Once you have located the line containing "Lemma c_ancestor_parent v" in the material below, return it exactly along with each line after it through the line containing "p \in c v \/ ancestor par p v.".
** DATA FOR REVIEW follows **
(* Let $G$ be an oriented graph derived from a Burling tree $(T,r,\ell,c)$, let $H$ be a hole of $G$, let $p$ be the pivot of $H$, and let $C$ be the connected component of $G\setminus N^-[p]$ that contains $H\setminus N^-[p]$. Then every vertex of $C$ is a descendant of $p$ in $T$.
   Context: Graphs are finite, without loops or multiple edges; oriented graphs have no pair of opposite arcs; connectivity of an oriented graph refers to its underlying graph. In a rooted tree $T$ with root $r$, each non-root vertex $v$ has a parent $p(v)$; children, leaves, ancestors and descendants are as usual (every vertex is an ancestor and a descendant of itself). A branch is a sequence $v_1\dots v_k$ ($k\ge0$) with $v_i$ the parent of $v_{i+1}$; it starts at $v_1$. A Burling tree is a 4-tuple $(T,r,\ell,c)$: $T$ a rooted tree with root $r$; $\ell$ assigns to each non-leaf vertex $v$ one of its children $\ell(v)$ (the last-born of $v$); $c$ assigns to every vertex $v$ that is neither the root nor a last-born the vertex-set of a (possibly empty) branch starting at $\ell(p(v))$, and $c(v)=\emptyset$ if $v$ is the root or a last-born. The oriented graph fully derived from it has vertex-set $V(T)$ and an arc $uv$ iff $v\in c(u)$; an oriented graph is derived from the Burling tree if it is an induced subgraph of the fully derived one. $N^-[v]$ denotes $v$ together with its in-neighbors. A hole of an oriented graph is an induced cycle of length at least $4$ of its underlying graph. If $G$ is derived from $T$ and $H$ is a hole of $G$, then (as established in the paper) $H$ with the inherited orientation has exactly two sources, called its antennas, and exactly two sinks; exactly one of these sinks is adjacent to both antennas and is an ancestor in $T$ of all vertices of $H$ other than the antennas: it is the pivot of $H$; the other sink is the bottom of $H$. *)

From mathcomp Require Import all_boot.
Set Implicit Arguments. Unset Strict Implicit. Unset Printing Implicit Defensive.

Section Burling.
Variable V : finType.

(* Rooted tree on V: root r, parent function par (par r = r by convention;
   the root's "parent" is irrelevant). Every vertex reaches r by iterating par. *)
Definition rooted_tree (r : V) (par : V -> V) : Prop :=
  par r = r /\ forall v, exists k, iter k par v = r.

Definition child (r : V) (par : V -> V) (v u : V) : bool := (u != r) && (par u == v).

Definition is_leaf (r : V) (par : V -> V) (v : V) : bool := [forall u, ~~ child r par v u].

(* a is an ancestor of v (every vertex is an ancestor of itself);
   equivalently v is a descendant of a *)
Definition ancestor (par : V -> V) (a v : V) : Prop := exists k, iter k par v = a.

Definition branch_set_from (r : V) (par : V -> V) (x : V) (B : {set V}) : Prop :=
  B = set0 \/
  exists s : seq V, path (child r par) x s /\ B = [set y in x :: s].

Definition is_last_born (r : V) (par : V -> V) (l : V -> V) (v : V) : bool :=
  (v != r) && (v == l (par v)).

Definition burling_tree (r : V) (par : V -> V) (l : V -> V) (c : V -> {set V}) : Prop :=
  rooted_tree r par /\
  (forall v, ~~ is_leaf r par v -> child r par v (l v)) /\
  (forall v, (v == r) || is_last_born r par l v -> c v = set0) /\
  (forall v, v != r -> ~~ is_last_born r par l v ->
      branch_set_from r par (l (par v)) (c v)).

(* G is the subgraph of the fully derived graph induced by S:
   arc u v iff u, v in S and v \in c u *)
Definition arc (S : {set V}) (c : V -> {set V}) (u v : V) : bool :=
  [&& u \in S, v \in S & v \in c u].

Definition adj (S : {set V}) (c : V -> {set V}) (u v : V) : bool :=
  arc S c u v || arc S c v u.

(* h is (the cyclic vertex sequence of) a hole of G: an induced cycle of
   length >= 4 of the underlying graph. The default x0 of nth is irrelevant
   since indices are in range. *)
Definition is_hole (S : {set V}) (c : V -> {set V}) (h : seq V) : Prop :=
  [/\ 4 <= size h, uniq h, {subset h <= S} &
      forall (x0 : V) i j, i < size h -> j < size h ->
        adj S c (nth x0 h i) (nth x0 h j) =
        (j == i.+1 %% size h) || (i == j.+1 %% size h)].

Definition hole_source (S : {set V}) (c : V -> {set V}) (h : seq V) (v : V) : bool :=
  (v \in h) && [forall w, (w \in h) ==> ~~ arc S c w v].
Definition hole_sink (S : {set V}) (c : V -> {set V}) (h : seq V) (v : V) : bool :=
  (v \in h) && [forall w, (w \in h) ==> ~~ arc S c v w].

Definition is_pivot (par : V -> V) (S : {set V}) (c : V -> {set V}) (h : seq V) (p : V) : Prop :=
  hole_sink S c h p /\
  (forall a, hole_source S c h a -> adj S c p a) /\
  (forall v, v \in h -> ~~ hole_source S c h v -> ancestor par p v).

Definition closed_in_nbhd (S : {set V}) (c : V -> {set V}) (p : V) : {set V} :=
  p |: [set u | arc S c u p].

Definition adj_minus (S : {set V}) (c : V -> {set V}) (p : V) : rel V :=
  fun u v => [&& u \in S :\: closed_in_nbhd S c p, v \in S :\: closed_in_nbhd S c p
                & adj S c u v].

End Burling.

From Pilot Require Import Defs.
From mathcomp Require Import all_boot.

Set Implicit Arguments.
Unset Strict Implicit.
Unset Printing Implicit Defensive.

(* Being a descendant of the pivot p is preserved along the edges of
   G \ N^-[p].  Every set c v is a branch hanging from a child of par v.
   For an arc u -> v, v therefore descends from par u, which descends from p
   because u <> p.  For an arc v -> u, the ancestors of u on the branch c v
   together with the ancestors of par v exhaust the ancestors of u; p cannot
   lie on c v (v would be an in-neighbour of p), so p is an ancestor of
   par v, hence of v.  The walk starts at a vertex of H outside N^-[p]; it is
   not an antenna, since antennas are in-neighbours of the sink p, so it
   descends from p by the definition of the pivot. *)

Section Ancestors.
Variables (V : finType) (par : V -> V).

Lemma ancestor_refl v : ancestor par v v.
Proof. by exists 0. Qed.

Lemma ancestor_trans a b d :
  ancestor par a b -> ancestor par b d -> ancestor par a d.
Proof. by move=> [k Hk] [m Hm]; exists (k + m); rewrite iterD Hm. Qed.

Lemma ancestor_parent v : ancestor par (par v) v.
Proof. by exists 1. Qed.

Lemma ancestor_parent_cases p u :
  ancestor par p u -> p = u \/ ancestor par p (par u).
Proof. by case=> [[|k] Hk]; [left | right; exists k; rewrite -iterSr]. Qed.

Lemma ancestor_parent_neq p u :
  ancestor par p u -> u != p -> ancestor par p (par u).
Proof. by case/ancestor_parent_cases => [-> | //]; rewrite eqxx. Qed.

Lemma connect_ancestor (e : rel V) p x y :
  (forall u v, e u v -> ancestor par p u -> ancestor par p v) ->
  connect e x y -> ancestor par p x -> ancestor par p y.
Proof.
move=> He /connectP [s Hs ->] {y}.
elim: s x Hs => [|z s IH] x //= /andP [Hxz Hs] Hx.
exact: IH Hs (He _ _ Hxz Hx).
Qed.

Variable r : V.

Lemma child_path_ancestor x s y :
  path (child r par) x s -> y \in x :: s -> ancestor par x y.
Proof.
elim: s x => [|z s IH] x /=; first by rewrite inE => _ /eqP ->; exact: ancestor_refl.
case/andP=> /andP [_ /eqP Hzx] Hs; rewrite inE => /orP [/eqP -> | Hy].
  exact: ancestor_refl.
by rewrite -Hzx; apply: ancestor_trans (ancestor_parent z) (IH z Hs Hy).
Qed.

Lemma child_path_ancestor_cases x s p u :
  path (child r par) x s -> u \in x :: s -> ancestor par p u ->
  p \in x :: s \/ ancestor par p (par x).
Proof.
elim: s x => [|z s IH] x Hs; rewrite in_cons => /orP [/eqP -> | Hu] Hpu //.
1,2: by case/ancestor_parent_cases: Hpu => [->|]; [left; exact: mem_head | right].
move: Hs => /= /andP [/andP [_ /eqP Hzx] Hs].
case: (IH z Hs Hu Hpu) => [Hp | ]; first by left; rewrite inE Hp orbT.
by rewrite Hzx => /ancestor_parent_cases [->|]; [left; exact: mem_head | right].
Qed.

End Ancestors.

Section BurlingTree.
Variables (V : finType) (r : V) (par l : V -> V) (c : V -> {set V}).
Hypothesis burling : burling_tree r par l c.

Lemma c_branch v w : w \in c v ->
  exists s, path (child r par) (par v) (l (par v) :: s) /\
            c v = [set y in l (par v) :: s].
Proof.
have [_ [Hl [Hc0 Hc]]] := burling.
move=> Hw; have Hvr : v != r.
  by apply: contraTneq Hw => ->; rewrite Hc0 ?eqxx ?inE.
have Hlb : ~~ is_last_born r par l v.
  by apply: contraTN Hw => Hlb; rewrite Hc0 ?Hlb ?orbT ?inE.
have Hpar : ~~ is_leaf r par (par v).
  by apply/forallPn; exists v; rewrite negbK /child Hvr eqxx.
case: (Hc v Hvr Hlb) => [Hv | [s [Hs Hv]]]; first by rewrite Hv inE in Hw.
by exists s; rewrite /= Hl.
Qed.

Lemma c_ancestor_parent v w : w \in c v -> ancestor par (par v) w.
Proof.
move=> Hw; have [s [Hs Hv]] := c_branch Hw.
apply: child_path_ancestor Hs _.
by move: Hw; rewrite Hv inE => Hw; rewrite inE Hw orbT.
Qed.

Lemma c_ancestor_cases v w p : w \in c v -> ancestor par p w ->
  p \in c v \/ ancestor par p v.
Proof.
move=> Hw Hpw; have [s [/= /andP [/andP [_ /eqP Hlv] Hs] Hv]] := c_branch Hw.
have Hws : w \in l (par v) :: s by move: Hw; rewrite Hv inE.
case: (child_path_ancestor_cases Hs Hws Hpw) => [Hp | ].
  by left; rewrite Hv inE.
by rewrite Hlv => Hpv; right; apply: ancestor_trans Hpv (ancestor_parent par v).
Qed.

Lemma adj_minus_ancestor (S : {set V}) p u v : p \in S ->
  adj_minus S c p u v -> ancestor par p u -> ancestor par p v.
Proof.
move=> pS /and3P [uS vS Huv] Hpu.
move: uS vS; rewrite !inE => /andP [/norP [Hup _] _] /andP [/norP [_ Hvp] vS].
case/orP: Huv => /and3P [_ _ Hin].
  apply: ancestor_trans (ancestor_parent_neq Hpu Hup) _.
  exact: c_ancestor_parent Hin.
case: (c_ancestor_cases Hin Hpu) => // Hp.
by rewrite /Defs.arc vS pS Hp in Hvp.
Qed.

End BurlingTree.

Lemma pivot_source_in_nbhd (V : finType) (par : V -> V) (c : V -> {set V})
    (S : {set V}) (h : seq V) (p a : V) :
  is_pivot par S c h p -> hole_source S c h a -> a \in closed_in_nbhd S c p.
Proof.
case=> [/andP [_ /forallP Hsink] [Hsrc _]] Ha.
have /andP [ah _] := Ha.
move: (Hsrc a Ha) (Hsink a); rewrite /adj ah /= => Hpa /negbTE Hnpa.
by rewrite Hnpa /= in Hpa; rewrite !inE Hpa orbT.
Qed.

Theorem lemma6p1 (V : finType) (r : V) (par : V -> V) (l : V -> V)
    (c : V -> {set V}) (S : {set V}) (h : seq V) (p : V) :
  burling_tree r par l c ->
  is_hole S c h ->
  is_pivot par S c h p ->
  forall x y : V,
    x \in h -> x \in S :\: closed_in_nbhd S c p ->
    connect (adj_minus S c p) x y ->
    ancestor par p y.
Proof.
move=> burling [_ _ hS _] pivot x y xh xout.
have pS : p \in S by have [/andP [ph _] _] := pivot; exact: hS.
have Hpx : ancestor par p x.
  have [_ [_ Hanc]] := pivot; apply: Hanc xh _.
  apply: contraTN xout => /(pivot_source_in_nbhd pivot) Hx.
  by rewrite inE Hx.
move=> Hxy; apply: connect_ancestor Hxy Hpx => u v Huv.
exact: (adj_minus_ancestor burling pS Huv).
Qed.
** End of DATA FOR REVIEW **
**ANSWER TO THE EXERCISE:**
Lemma c_ancestor_parent v w : w \in c v -> ancestor par (par v) w.
Proof.
move=> Hw; have [s [Hs Hv]] := c_branch Hw.
apply: child_path_ancestor Hs _.
by move: Hw; rewrite Hv inE => Hw; rewrite inE Hw orbT.
Qed.

Lemma c_ancestor_cases v w p : w \in c v -> ancestor par p w ->
  p \in c v \/ ancestor par p v.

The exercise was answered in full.